В сопровождении их остервенелого клекота Влад вынесся вон, и, уже не замечая вокруг себя ни лиц, ни предметов, слетел по лестнице вниз, и — через дубовый зал, буфет, вестибюль, двойные двери подъезда — опрометью выскочил на улицу, и даже душная немочь города показалась ему на этот раз освежающей.

В охватившем его возбуждении он и сам не заметил, как очутился у знакомого театра, где с некоторых пор, а точнее, с того дня, когда Женя Ш. свел его со здешним режиссером, сделался завсегдатаем, и теперь, повинуясь безотчетному порыву, повернул к служебному входу.

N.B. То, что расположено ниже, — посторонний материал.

Lemma sum_mu_divisors n : (0 < n)%N ->
  sum_1_to (fun d => if d %| n then mu d else 0) n = if n == 1%N then 1 else 0.
Proof.
move=> n0; case: (ltngtP n 1) => [|n1|->]; [by rewrite ltnNge n0 | | by rewrite /= mu1; lra].
have pp := pdiv_prime n1; have p0 := prime_gt0 pp.
case/dvdnP: (pdiv_dvd n) n0 n1 => m ->; move: (pdiv n) pp p0 => p pp p0 mp0 _.
have m0 : (0 < m)%N by move: mp0; rewrite muln_gt0 => /andP[].
rewrite (sum_1_to_split_multiples p) // mulnK // (mulnC m).
rewrite (sum_1_to_ext _ (fun k => if k %| m then (if p %| k then 0 else - mu k) else 0));
  last by move=> k /andP[k0 _]; rewrite dvdn_pmul2l // mu_prime_mul.
rewrite (sum_1_to_ext (fun d => if p %| d then 0 else if d %| p * m then mu d else 0)
                     (fun d => if p %| d then 0 else if d %| m then mu d else 0)); last first.
  by move=> d _; case: ifP => // npd; rewrite Gauss_dvdr // coprime_sym prime_coprime ?npd.
rewrite (sum_1_to_widen _ m (p * m)) ?leq_pmull //; last first.
  move=> d /andP[md _]; case: ifP => // _; case: ifP => // /(dvdn_leq m0).
  by rewrite leqNgt md.
rewrite -sum_1_to_add (sum_1_to_ext _ (fun _ => 0)) ?sum_1_to_zero // => k _.
by case: ifP; case: ifP; lra.
Qed.

Lemma sqr_dvdn_leq d m : (0 < m)%N -> d * d %| m -> (d <= m)%N.
Proof. by move=> m0 /(dvdn_leq m0); case: d => // d; apply/leq_trans/leq_pmulr. Qed.

Lemma sum_sqr_divisors_prime_mul p m f : prime p -> (0 < m)%N ->
  sum_1_to (fun d => if d * d %| p * m then f d else 0) (p * m) =
  sum_1_to (fun k => if p * (k * k) %| m then f (p * k)%N else 0) m +
  sum_1_to (fun d => if ~~ (p %| d) && (d * d %| m) then f d else 0) m.
Proof.
move=> pp m0; have p0 := prime_gt0 pp.
rewrite (sum_1_to_split_multiples p) // mulKn //; congr (_ + _).
  by apply: sum_1_to_ext => k _; rewrite -mulnA dvdn_pmul2l // mulnCA.
rewrite (sum_1_to_ext _ (fun d => if ~~ (p %| d) && (d * d %| m) then f d else 0)).
  rewrite (sum_1_to_widen _ m) ?leq_pmull // => d /andP[md _].
  by case: ifP => // /andP[_ /(sqr_dvdn_leq _ _ m0)]; rewrite leqNgt md.
move=> d _; case: (boolP (p %| d)) => //= npd.
by rewrite Gauss_dvdr // coprimeMl coprime_sym prime_coprime ?npd.
Qed.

Театр всегда оставался затаенной слабостью Влада. Заболев лицедейством еще в провинции, он сталкивался затем со многими подмостками, встречал великое множество режиссеров, а исполнителей еще больше, но никогда раньше ему не доводилось встречать драмы, которая бы с такой бесцеремонностью опрокинула все его представления о театре и драматическом ремесле вообще. В отличие от знакомых ему театров здесь режиссер растворялся в спектакле целиком, словно играл и работал за всех — от героя-любовника до последнего гримера и рабочего сцены. Это был театр, где сердце и воля одного человека изливалась вокруг, порождая театральное чудо. И когда потом в Париже Влад вспоминал снисходительные усмешечки высокомерно взиравших на это режиссерское самосожжение московских снобов, ему досыта нахлебавшемуся претенциозным шаманством французских мэтров, хотелось всегда кричать благим матом: врете, сукины дети, не было еще такого на театре, не было!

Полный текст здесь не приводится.